Был я тогда бродячим торговцем. Ходил по македонским селам, продавал всякую мелочь, брал вместо денег сыр, шерсть, масло, кроликов, кукурузу, перепродавал и зарабатывал вдвойне. На ночь останавливался в каком-нибудь селе: места, где переспать, я знал, потому что нет села, в котором не сыщется сердобольной вдовы – спасибо ей! Давал я ей моток ниток, гребень или платок (черный, разумеется, в память о покойнике) и спал с ней. Дешево!

И дешево было, и жизнь была прекрасная, хозяин! Но дьявол не дремлет, и Крит снова взялся за ружье. Ах, чтоб тебе неладно было! – говорю я. И когда этот Крит оставит нас наконец в покое! Бросил я нитки и вдов, взял ружье и вместе с другими повстанцами отправился на Крит.

Зорбас умолк. Мы проплывали мимо тихой песчаной бухты: набегавшие волны плавно ложились на ее изгиб, даже не разбившись, и оставляли только легкую пену на песке. Тучи рассеялись, светило солнце, и суровый Крит умиротворенно улыбался.

Зорбас посмотрел на меня, насмешливо прищурив глаза:

– Ты, наверное, думаешь, хозяин, что сейчас я стану рассказывать, сколько турецких голов отрезал и сколько турецких ушей заспиртовал, как было тогда в обычае на Крите? Выкинь это из головы – надоело, да и стыдно. И что это за безумие было, думаю я сейчас, когда набрался ума-разума, что за безумие было бросаться на человека, который ничего плохого тебе не сделал, грызть его, отрезать нос и уши, вспарывать живот, да еще звать Бога на помощь – иными словами, чтобы Он тоже отрезал носы и уши и вспарывал животы?
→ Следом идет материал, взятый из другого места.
Lemma Gvertex_mapE g w u : g \in AutX adj ->
  (g u \in Gset C D (Gvertex_map g w)) = (u \in Gset C D w).
Proof.
move=> gA; rewrite /Gvertex_map; case: pickP => /= [w1 | no_w1].
  case/existsP=> x1 /andP [x1w gx1w1]; apply/idP/idP; last first.
    by move=> uw; apply: AutX_Gset_closed x1w uw gx1w1.
  move=> guw1; have [w2 uw2] := Gset_cover u.
  have x1w2 : x1 \in Gset C D w2.
    rewrite -(permK g x1); apply: AutX_Gset_closed (AutX_inv gA) guw1 gx1w1 _.
    by rewrite permK.
  by rewrite (Gset_uniq x1w x1w2).
have /set0Pn [x xw] := induced_cycle_neq0 (Gset_induced_cycle w).
have [w' gxw'] := Gset_cover (g x).
by move: (no_w1 w') => /existsP []; exists x; rewrite xw gxw'.
Qed.

Lemma Gvertex_map_inj {g} : g \in AutX adj -> injective (Gvertex_map g).
Proof.
move=> gA w1 w2 eq_w12.
have /set0Pn [x xw1] := induced_cycle_neq0 (Gset_induced_cycle w1).
have := Gvertex_mapE g w1 x gA; rewrite xw1 eq_w12 Gvertex_mapE //.
exact: Gset_uniq.
Qed.

Definition Gvertex_perm {g} (gA : g \in AutX adj) := perm (Gvertex_map_inj gA).

Lemma Garcs_cross a : (a \in Garcs adj z) = (a.2 \in cross_nbrs adj z a.1).
Proof. by rewrite !inE eq_sym. Qed.

Lemma Garcs_tail x : exists y, (x, y) \in Garcs adj z.
Proof.
have [y xy] := cross_nbrs_exists simple_adj cubic_adj z_eigen z_pm x.
by exists y; rewrite Garcs_cross.
Qed.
Но тогда кровь во мне так и кипела – разве до рассуждений было?! Чтобы рассуждать мудро да по совести, нужны покой, преклонные годы и беззубый рот. Беззубому легко говорить: «Постыдитесь! Не кусайтесь!» Но если у тебя все тридцать два зуба… В молодые годы человек – хищный зверь, лютый зверь-людоед!

Зорбас тряхнул головой.

– Ягнят, кур, поросят он тоже жрет, но пока не сожрет человека, не насытится, – добавил Зорбас, раздавив сигарету в блюдечке для кофе. – Не насытится! Ты вот, высокообразованный, что ты на этот счет думаешь?
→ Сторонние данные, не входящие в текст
Lemma single_vanishes : single = 0.
Proof.
have e012 : 2 * hop 1 - single = 0 by eigen_relation [:: 0; 1; 2].
have e013 : 2 * hop 1 + hop 2 + hop 3 - 2 * single = 0 by eigen_relation [:: 0; 1; 3].
have e024 : 3 * (2 * hop 2 - single) = 0 by eigen_relation [:: 0; 2; 4].
have e0 : 3 * single + 2 * (hop 2)^* + (hop 3)^* = 0 by eigen_relation [:: 0].
have h2 : 2 * hop 2 = single.
  by apply/eqP; rewrite -subr_eq0; apply/eqP/(@natr_mul_eq0 _ 2).
have h3 : 2 * hop 3 = single.
  apply/eqP; rewrite -subr_eq0; apply/eqP.
  transitivity (2 * (2 * hop 1 + hop 2 + hop 3 - 2 * single) - 2 * (2 * hop 1 - single)
                - (2 * hop 2 - single)); first ring.
  by rewrite e013 e012 h2; ring.
have conj2 (z : algC) : (2 * z)^* = 2 * z^* by rewrite rmorphM /= conjC_nat.
have c2 : 2 * (hop 2)^* = single^* by rewrite -h2 conj2.
have c3 : 2 * (hop 3)^* = single^* by rewrite -h3 conj2.
have e0' : 2 * single + single^* = 0.
  apply: (@natr_mul_eq0 _ 2); rewrite -[RHS](mulr0 2) -e0.
  transitivity (6 * single + 2 * (2 * (hop 2)^*) + 2 * (hop 3)^*); last by ring.
  by rewrite c2 c3; ring.
apply: (@natr_mul_eq0 _ 2).
transitivity (2 * (2 * single + single^*) - (2 * single + single^*)^*).
  by rewrite rmorphD /= conj2 conjCK; ring.
by rewrite e0' conjC0; ring.
Qed.

Lemma vacuum_eigenvalue : vacuum = l.
Proof.
have e : 3 * vacuum + 6 * (double 2)^* + 3 * (double 3)^* - 3 * l = 0.
  by eigen_relation [::].
have [_ d2 d3] := doubles_vanish.
apply/eqP; rewrite -subr_eq0; apply/eqP/(@natr_mul_eq0 _ 2).
by rewrite -e d2 d3 conjC0; ring.
Qed.

Lemma amp_vacuum_column (p : pred nat) :
  diffs [seq k <- iota 0 6 | p k] [::] != [::] -> amp [seq k <- iota 0 6 | p k] [::] = 0.
Proof.
have [d1 d2 d3] := doubles_vanish.
rewrite /=; case: (p 0); case: (p 1); case: (p 2); case: (p 3); case: (p 4); case: (p 5) => // _.
all: by reduce_amps; rewrite ?single_vanishes ?d1 ?d2 ?d3.
Qed.

Lemma ket0_eigen : H *m ket0 = l *: ket0.
Proof.
apply: col_ketP => x; rewrite mul_ket_entry mxE /ket0 zero_qubits ketE.
have [-> | x0] := eqVneq x (qubits [::]); first by rewrite vacuum_eigenvalue mulr1.
rewrite mulr0 -(qubits_support x) amp_vacuum_column //.
by rewrite -eq_qubits qubits_support.
Qed.

End SymmetricTwoBody.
Он оценивающе окинул меня взглядом и, не дожидаясь ответа, продолжал:

– Ничего не думаешь? Конечно же, понимаю: тебе не приходилось ни голодать, ни убивать, ни грабить, ни прелюбодействовать – откуда ж тебе знать жизнь?… Мягкие мозги, изнеженное тело… – процедил Зорбас с явным презрением.

Мне стало стыдно за мои не знавшие труда руки, аристократически бледное лицо, беспечную жизнь.
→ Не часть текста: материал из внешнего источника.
Lemma dilated_form_deriv_continuous (t eps : R) : t \in `[0, 1] -> 0 < eps ->
  \forall s \near t, s \in `[0, 1] -> forall V W, inH P V W ->
  (Qnorm2 (fun u => dilated_form_deriv s V W u - dilated_form_deriv t V W u)%R
     <= (eps ^+ 2)%R%:E * Hnorm2 V W)%E.
Proof.
move=> t01 eps0; have [M M0 hM] := coef_bounded.
pose e := eps / 2 ^+ n.+1; have e30 : 0 < e / 3 by rewrite !divr_gt0 // exprn_gt0.
near=> s => s01 V W VW.
have d1 : forall i u, s \in `[0, 1] -> t \in `[0, 1] -> u \in `[0, 1] ->
    `|a1 i (s * u) - a1 i (t * u)| < e / 3.
  by near: s; apply: filter_forall => i; exact: itv01_dilation_continuous.
have d2 : forall i u, s \in `[0, 1] -> t \in `[0, 1] -> u \in `[0, 1] ->
    `|a2 i (s * u) - a2 i (t * u)| < e / 3.
  by near: s; apply: filter_forall => i; exact: itv01_dilation_continuous.
have stM : `|s - t| * M <= e / 3 by near: s; exact: nbhs_dist_mul_le.
apply: (@Qnorm2_coef_form_le_sqr _ _ _
  (fun i u => u * a1 i (s * u) - u * a1 i (t * u))
  (fun i u => - (a1 i (s * u) + s * (u * a2 i (s * u)))
              - - (a1 i (t * u) + t * (u * a2 i (t * u)))) _ _ _ _ VW).
- by apply: measurable_funB; exact: measurable_dilated_form_deriv.
- move=> i u u01; rewrite -/e; have u1 := itv01_norm_le1 u01.
  have [_ _ a2M] := hM i _ (itv01_mul s01 u01).
  have {}d1 := d1 i u s01 t01 u01; have {}d2 := d2 i u s01 t01 u01.
  split; first by rewrite -mulrBr normrM -[leRHS]mul1r ler_pM //; lra.
  have -> : - (a1 i (s * u) + s * (u * a2 i (s * u)))
            - - (a1 i (t * u) + t * (u * a2 i (t * u))) =
      - (a1 i (s * u) - a1 i (t * u)) - u * ((s - t) * a2 i (s * u))
      - u * (t * (a2 i (s * u) - a2 i (t * u))) by ring.
  have h1 : `|u * ((s - t) * a2 i (s * u))| <= e / 3.
    rewrite normrM -[leRHS]mul1r ler_pM // normrM (le_trans _ stM) //.
    by rewrite ler_wpM2l.
  have h2 : `|u * (t * (a2 i (s * u) - a2 i (t * u)))| <= e / 3.
    rewrite !normrM -[leRHS]mul1r ler_pM // -[leRHS]mul1r.
    by rewrite ler_pM ?itv01_norm_le1 //; exact: ltW.
  apply: le_trans (ler_normB _ _) _; apply: le_trans (lerD (ler_normB _ _) (lexx _)) _.
  rewrite normrN; lra.
- move=> u u01; rewrite /dilated_form_deriv /coef_form -sumrB.
  by apply: eq_bigr => i _; ring.
Unshelve. all: by end_near. Qed.

Lemma C1_opfamily_dilated_form : C1_opfamily P dilated_form.
Proof.
split; first exact: dilated_form_bounded.
exists dilated_form_deriv; split; first by move=> *; exact: measurable_dilated_form_deriv.
split; first exact: dilated_form_deriv_bounded.
split=> t t01 eps eps0.
- have [d d0 hd] := near_exists_delta (dilated_form_differentiable t01 eps0).
  by exists d => // s s01 st V W; apply: hd.
- have [d d0 hd] := near_exists_delta (dilated_form_deriv_continuous t01 eps0).
  by exists d => // s s01 st V W; apply: hd.
Qed.

End dilated_form.

Section coordinates.
Context {R : realType} {n : nat}.
Implicit Types (A : set R) (Z : R -> 'rV[R]_n).

Lemma sym_bilinear_coordE (g : 'rV[R]_n -> 'rV[R]_n -> R) : sym_nondeg_bilinear g ->
  forall x y, g x y = \sum_(i < n) x ord0 i *
    \sum_(j < n) g (delta_mx 0 i) (delta_mx 0 j) * y ord0 j.
Proof.
case=> lin [sym _].
have gsum (a : 'I_n -> R) (e : 'I_n -> 'rV[R]_n) z :
    g (\sum_(i < n) a i *: e i) z = \sum_(i < n) a i * g (e i) z.
  have g0 : g 0 z = 0 by have := lin 1 0 0 z; rewrite scale1r addr0 mul1r; lra.
  elim/big_ind2 : _ => // [x1 x2 y1 y2 <- <-|i _].
    by rewrite -[x2]scale1r lin mul1r scale1r.
  by rewrite -[a i *: e i]addr0 lin g0 addr0.
move=> x y; rewrite {1}(row_sum_delta x) gsum; apply: eq_bigr => i _; congr (_ * _).
by rewrite sym {1}(row_sum_delta y) gsum; apply: eq_bigr => j _; rewrite sym mulrC.
Qed.

Lemma within_continuous_sum A (f : 'I_n -> R -> R) :
  (forall j, {within A, continuous (f j)}) ->
  {within A, continuous (fun x => \sum_(j < n) f j x)}.
Proof. by move=> cf x; apply: cvg_big => // [|j _]; [exact: add_continuous | exact: cf]. Qed.

Lemma within_continuous_mx_coord m p A (M : R -> 'M[R]_(m, p)) i j :
  {within A, continuous M} -> {within A, continuous (fun x => M x i j)}.
Proof.
move=> cM x.
exact: (@continuous_comp _ _ _ (from_subspace A M) (fun N : 'M[R]_(m, p) => N i j) x
  (cM x) (@coord_continuous _ _ _ i j (M x))).
Qed.

Lemma within_continuous_coord_comb A Z (c : 'I_n -> R) :
  (forall j, {within A, continuous (fun x => Z x ord0 j)}) ->
  {within A, continuous (fun x => \sum_(j < n) c j * Z x ord0 j)}.
Proof.
by move=> cZ; apply: within_continuous_sum => j x; apply: cvgM; [exact: cvg_cst|exact: cZ].
Qed.

Lemma within_continuous_mulmx A Z (M : R -> 'M[R]_n) :
  {within A, continuous Z} -> {within A, continuous M} ->
  forall j, {within A, continuous (fun x => (Z x *m M x) ord0 j)}.
Proof.
move=> cZ cM j; under eq_fun do rewrite mxE.
by apply: within_continuous_sum => k x; apply: cvgM; exact: within_continuous_mx_coord.
Qed.

Lemma is_derive_coord_comb Z (c : 'I_n -> R) x : derivable Z x 1 ->
  is_derive x 1 (fun x => \sum_(j < n) c j * Z x ord0 j)
                (\sum_(j < n) c j * derive1 Z x ord0 j).
Proof.
move=> dZ; have dZj j : is_derive x 1 (fun y => Z y ord0 j) (derive1 Z x ord0 j).
  rewrite derive1E (derive_mx dZ) mxE; apply: derivableP.
  exact: (derivable_mxP _ _ _).1 dZ ord0 j.
have -> : (fun x => \sum_(j < n) c j * Z x ord0 j) =
    \sum_(j < n) (fun x => c j * Z x ord0 j) by apply/funext => y; rewrite fct_sumE.
by apply: is_derive_sum => j.
Qed.

End coordinates.

Unset Implicit Arguments.

Theorem lemma4p3 (R : realType) (n : nat)
    (g : 'rV[R]_n -> 'rV[R]_n -> R) (P : 'M[R]_n)
    (Rc : R -> 'M[R]_n) (Y : R -> 'rV[R]_n) :
  sym_nondeg_bilinear g ->
  {within `[0%R, 1%R], continuous Rc} ->
  {within `[0%R, 1%R], continuous Y} ->
  {within `[0%R, 1%R], continuous (derive1 Y)} ->
  (forall t, t \in `]0%R, 1%R[ ->
     derivable Y t 1 /\ derivable (derive1 Y) t 1 /\
     derive1 (derive1 Y) t = Y t *m Rc t) ->
  (forall t, t \in `[0%R, 1%R] -> g (Y t) (Y t) < 0) ->
  C1_opfamily P (Fop g Y).
Proof.
move=> gsym cRc cY cdY dY _.
pose gcomb (Z : R -> 'rV[R]_n) i x := \sum_(j < n) g (delta_mx 0 i) (delta_mx 0 j) * Z x ord0 j.
have -> : Fop g Y = dilated_form (gcomb Y) (gcomb (derive1 Y)).
  apply/funext => t; apply/funext => V; apply/funext => W; apply/funext => u.
  rewrite /Fop !(sym_bilinear_coordE gsym) /dilated_form /coef_form.
  by rewrite mulr_sumr -sumrN -big_split; apply: eq_bigr => i _ /=; rewrite /gcomb; ring.
apply: (@C1_opfamily_dilated_form _ _ P _ _ (gcomb (fun x => Y x *m Rc x))) => i.
- by apply: within_continuous_coord_comb => j; exact: within_continuous_mx_coord.
- by apply: within_continuous_coord_comb => j; exact: within_continuous_mx_coord.
- by apply: within_continuous_coord_comb; exact: within_continuous_mulmx.
- by move=> x /dY[dYx _]; exact: is_derive_coord_comb.
- move=> x /dY[_ [ddYx ddYE]].
  by have := is_derive_coord_comb (fun j => g (delta_mx 0 i) (delta_mx 0 j)) ddYx; rewrite ddYE.
Qed.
– Ну да ладно! – сказал Зорбас, снисходительно проведя по столу ладонью, словно стирая тряпкой написанное. – Ладно! Об одной-единственной вещи хочу тебя спросить: ты, видать, прочел кучу книг, может быть, знаешь…

– Что, Зорбас? Говори…

– Во всем этом, хозяин, сокрыто какое-то чудо… Непостижимое чудо, от которого голова идет кругом. Все эти подлости, грабежи и убийства дали Криту принца Георгия[15] – дали свободу!

Зорбас смотрел на меня, ошарашенно выпучив глаза.

– Таинство! – прошептал он. – Великое таинство! Стало быть, для того, чтобы свобода пришла в этот мир, нужно столько крови и мерзостей? Потому что, если я начну перечислять, сколько за мной числится крови и мерзостей, у тебя волосы встанут дыбом. И что же после всего этого? Свобода! Вместо того чтобы испепелить нас небесным огнем, Бог даровал нам свободу! Ничего не понимаю!

Он смотрел на меня, словно взывая о помощи. Видать, это таинство мучило его, а он все не мог понять, что к чему.

– Понимаешь, хозяин? – взволнованно спросил Зорбас.

Что тут было понимать? Что я мог сказать ему? Что не существует того, что мы называем «Бог»? Или что Богу нравятся убийства и мерзости? Или что то, что мы называем убийствами и мерзостями, необходимо, чтобы мир пребывал в борьбе и тревоге?..

Но для Зорбаса я нашел другой ответ:

– А как же цветок прорастает из навоза и грязи и питается ими? Представь себе, Зорбас, что навоз – это человек, а цветок – свобода…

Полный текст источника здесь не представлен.